MicroBlaze is a simple, versatile soft-core processor that can be used in Xilinx FPGA only platforms, such as the Kintex-7, to perform the functionality a full-fledged processor, or as a flexible, programmable IP. When programs are small, the ELF can sit in BRAM and the design becomes completely self contained in the FPGA. There are many applications well suited to being implemented on a MicroBlaze. Here we list just a few:

  1. Remote networked control of a deployed IP Core algorithm

  2. Embedded web server for control and data display

  3. Integration of existing software algorithms to hardware-only platforms

The following is a system level diagram for this MicroBlaze system:

The reference design, "Xilinx MicroBlaze TCP/IP to AXI4-Lite Master", uses Vivado™ MicroBlaze IP to translate TCP/IP packets into AXI4-Lite reads and writes. Below is a block diagram of the complete system, including all the peripherals required to operate the TCP/IP server and debug via the UART serial console.

MicroBlaze Setup

In order to operate the TCP/IP server, the MicroBlaze IP needs a few basic peripherals:

  • local memory (BRAM) for data/instructions

  • Ethernet core for transmitting and receiving frames

  • UART core for sending debug messages

  • Timer core for generating timeout interrupts

  • Interrupt controller for handling interrupts from all these peripherals.

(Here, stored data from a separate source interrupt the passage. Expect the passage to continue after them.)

Definition sone : series := fun n => (n == 0)%:R.
Definition sid : series := fun n => (n == 1)%:R.
Definition smul (u v : series) : series :=
  fun n => \sum_(i < n.+1) u i * v (n - i)%N.
Definition spow (u : series) (k : nat) : series := iter k (smul u) sone.
(* composition g(f(x)), meaningful when f 0 = 0 *)
Definition scomp (g f : series) : series :=
  fun n => \sum_(k < n.+1) g k * spow f k n.
End Series.

Section Bell.
Variable K : fieldType.

(* f(x) = sum_{n>=1} a_n x^n / n! : ordinary coefficients (a_0 is ignored) *)
Definition fser (a : nat -> K) : series K :=
  fun n => if n == 0%N then 0 else a n / (n`!)%:R.

Definition fiter (a : nat -> K) (s : nat) : series K :=
  iter s (fun g => scomp (fser a) g) (sid K).

(* [n k]_{phi^s} : f^s(x)^k / k! = sum_n [n k]_{phi^s} x^n / n! *)
Definition bellphi (a : nat -> K) (s n k : nat) : K :=
  (n`!)%:R * spow (fiter a s) k n / (k`!)%:R.
End Bell.

From mathcomp Require Import all_boot all_order all_algebra.
From mathcomp Require Import zify ring.
From mathcomp Require Import reals complex.
Import Order.TTheory GRing.Theory Num.Theory.
Set Implicit Arguments. Unset Strict Implicit. Unset Printing Implicit Defensive.
Local Open Scope ring_scope.

(* Since f^(s+1)(x)^k = (f^k)(f^s(x)), the Bell matrices B_s = ([n k]_{phi^s})
   satisfy B_(s+1) = B_s B_1, and B_1 = D + N is lower triangular with
   D = diag(q^k).  The formula is the expansion of (D + N)^s: a word with p
   letters N and s - p letters D contributes along a chain
   k = j_0 < ... < j_p = n the product of the N-entries times
   q^(j_0 lam_0 + ... + j_p lam_p), lam_i being the number of D's applied at
   level j_i. *)

Definition fcons (A : finType) p (x : A) (g : {ffun 'I_p -> A}) : {ffun 'I_p.+1 -> A} :=
  [ffun i : 'I_p.+1 => if unlift ord0 i is Some j then g j else x].

Lemma fcons0 (A : finType) p (x : A) (g : {ffun 'I_p -> A}) : fcons x g ord0 = x.
Proof. by rewrite ffunE unlift_none. Qed.

Lemma fconsL (A : finType) p (x : A) (g : {ffun 'I_p -> A}) i :
  fcons x g (lift ord0 i) = g i.
Proof. by rewrite ffunE liftK. Qed.

Definition increasing p N (j : {ffun 'I_p -> 'I_N}) :=
  [forall i1 : 'I_p, forall i2 : 'I_p, (i1 < i2)%N ==> (j i1 < j i2)%N].

Lemma increasing_ord1 N (j : {ffun 'I_1 -> 'I_N}) : increasing j.
Proof. by apply/forallP => -[[|?] ?] //; apply/forallP => -[[|?] ?]. Qed.

Lemma increasing_fcons p N (x : 'I_N) (g : {ffun 'I_p.+1 -> 'I_N}) :
  increasing (fcons x g) = (x < g ord0)%N && increasing g.
Proof.
apply/idP/andP => [/forallP incr_xg | [lt_xg /forallP incr_g]].
  split.
    by have /forallP/(_ (lift ord0 ord0)) := incr_xg ord0; rewrite fcons0 fconsL; apply.
  apply/forallP => i1; apply/forallP => i2; apply/implyP => lt_i12.
  by have /forallP/(_ (lift ord0 i2))/implyP := incr_xg (lift ord0 i1); rewrite !fconsL; apply.
have g0_min j : (g ord0 <= g j)%N.
  case: (unliftP ord0 j) => [j' ->|->] //.
  by apply: ltnW; have /forallP/(_ (lift ord0 j'))/implyP := incr_g ord0; apply.
apply/forallP => i1; apply/forallP => i2; apply/implyP.
case: (unliftP ord0 i1) => [j1 ->|->]; case: (unliftP ord0 i2) => [j2 ->|->] //=.
  rewrite !fconsL /bump /= !add1n ltnS => lt_j12.
  by have /forallP/(_ j2)/implyP := incr_g j1; apply.
by rewrite fcons0 fconsL => _; apply: leq_trans lt_xg (g0_min j2).
Qed.

Section BigSums.
Variable V : nmodType.

Lemma sum_ord_trunc n m (F : nat -> V) : (n <= m)%N ->
  (forall k, (n <= k < m)%N -> F k = 0) ->
  \sum_(k < m) F k = \sum_(k < n) F k.
Proof.
move=> le_nm F0; rewrite -!(big_mkord xpredT) (big_cat_nat (leq0n n) le_nm) /=.
by rewrite [X in _ + X]big1_seq ?addr0 // => k /andP[_]; rewrite mem_index_iota; apply: F0.
Qed.

Lemma sum_ord_nat1 n k (F : 'I_n.+1 -> V) :
  (forall i : 'I_n.+1, nat_of_ord i != k -> F i = 0) ->
  \sum_i F i = if (k < n.+1)%N then F (inord k) else 0.
Proof.
move=> F0; case: ifP => lt_kn.
  rewrite (bigD1 (inord k)) //= big1 ?addr0 // => i ne_ik; apply: F0.
  by apply: contra ne_ik => /eqP ik; apply/eqP/val_inj; rewrite /= inordK.
by rewrite big1 // => i _; apply: F0; apply: contraFneq lt_kn => <-.
Qed.

Lemma sum_ffunS (A : finType) p (F : {ffun 'I_p.+1 -> A} -> V) :
  \sum_f F f = \sum_(x : A) \sum_(g : {ffun 'I_p -> A}) F (fcons x g).
Proof.
rewrite pair_bigA /= (reindex (fun xg : A * {ffun 'I_p -> A} => fcons xg.1 xg.2)) //.
apply: onW_bij; exists (fun f : {ffun 'I_p.+1 -> A} => (f ord0, [ffun i => f (lift ord0 i)])).
  by case=> x g /=; rewrite fcons0; congr pair; apply/ffunP => i; rewrite ffunE fconsL.
move=> f; apply/ffunP => i; rewrite ffunE.
by case: (unliftP ord0 i) => [j ->|->] //; rewrite ffunE.
Qed.

Lemma sum_ffun_ord0 (A : finType) (F : {ffun 'I_0 -> A} -> V) g0 : \sum_g F g = F g0.
Proof. by apply: big_pred1 => g /=; apply/esym/eqP/ffunP => -[]. Qed.

End BigSums.

Section TruncatedSeries.
Variable K : comNzRingType.

Definition agree N (u : series K) (P : {poly K}) := forall i, (i <= N)%N -> u i = P`_i.

Lemma agree_poly N (u : series K) : agree N u (\poly_(i < N.+1) u i).
Proof. by move=> i le_iN; rewrite coef_poly ltnS le_iN. Qed.

Lemma agree_mul N u v P Q : agree N u P -> agree N v Q -> agree N (smul u v) (P * Q).
Proof.
move=> uP vQ i le_iN; rewrite /smul coefM; apply: eq_bigr => j _.
rewrite uP ?vQ //; apply: leq_trans le_iN; first exact: leq_subr.
by rewrite -ltnS.
Qed.

Lemma agree_pow N u P k : agree N u P -> agree N (spow u k) (P ^+ k).
Proof.
move=> uP; elim: k => [|k IH]; first by move=> i _; rewrite expr0 coef1.
by rewrite exprS; apply: agree_mul.
Qed.

Lemma spow_eq0 (u : series K) k m : u 0%N = 0 -> (m < k)%N -> spow u k m = 0.
Proof.
move=> u0; elim: k m => [|k IH] m // lt_mk.
rewrite /spow iterS -/(spow u k) /smul big1 // => -[[|i] lt_im] _ /=.
  by rewrite u0 mul0r.
by rewrite IH ?mulr0 //; rewrite ltnS in lt_im; lia.
Qed.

As can be seen in the address editor below, all these peripherals are connected to the MicroBlaze via AXI4 interfaces.

The amount of local memory allocated using BRAM is 1MB. This amount is needed to run the lwIP stack. The benefit of specifying BRAM for local memory is that the executable ELF can be included in the bitstream, which simplifies programming and enables targeting existing FPGA boards which may not have external DRAM memory. However, this convenience comes at a cost of increased utilization:

If BRAM utilization is a concern and DRAM resources are available, you may opt to replace local BRAM memory with external DRAM memory. See Xilinx app note "xapp1026" for more details on alternate configurations and application information.

Example Reference Design plugin_rd.m

The plugin_rd.m for this reference design is shown below:

function hRD = plugin_rd()
% Reference design definition
%   Copyright 2014-2018 The MathWorks, Inc.
% Construct reference design object
hRD = hdlcoder.ReferenceDesign('SynthesisTool', 'Xilinx Vivado');
hRD.ReferenceDesignName = 'Xilinx MicroBlaze TCP/IP to AXI4-Lite Master';
hRD.BoardName = 'Xilinx Kintex-7 KC705 development board';
% Tool information
hRD.SupportedToolVersion = {'2017.2','2017.4'};
%% Add custom design files
% add custom Vivado design
hRD.addCustomVivadoDesign( ...
  'CustomBlockDesignTcl', 'system_top.tcl',...
  'VivadoBoardPart',      'xilinx.com:kc705:part0:1.1');
% add custom files, use relative path
hRD.CustomFiles         = {'mw_lwip_tcpip_axi4.elf'};
%% Add interfaces
% add clock interface
hRD.addClockInterface( ...
  'ClockConnection',      'clk_wiz_0/clk_out1', ...
  'ResetConnection',      'proc_sys_reset_0/peripheral_aresetn',...
  'DefaultFrequencyMHz',  100,...
  'MinFrequencyMHz',      100,...
  'MaxFrequencyMHz',      100,...
  'ClockNumber',          1,...
  'ClockModuleInstance',  'clk_wiz_0');
% add AXI4 and AXI4-Lite slave interfaces
hRD.addAXI4SlaveInterface( ...
  'InterfaceConnection', 'microblaze_0_axi_periph/M04_AXI', ...
  'BaseAddress',         '0x44A00000',...
  'MasterAddressSpace',  'microblaze_0/Data',...
  'InterfaceType',       'AXI4-Lite',...
  'InterfaceID',         'MicroBlaze AXI4-Lite Interface');
hRD.HasProcessingSystem = false; % No hard processing system

Note that the reference design includes the MicroBlaze executable mw_lwip_tcpip_axi4.elf in the reference design property CustomFiles. This will copy the executable from the reference design to the Vivado project so that it can be associated with the MicroBlaze IP.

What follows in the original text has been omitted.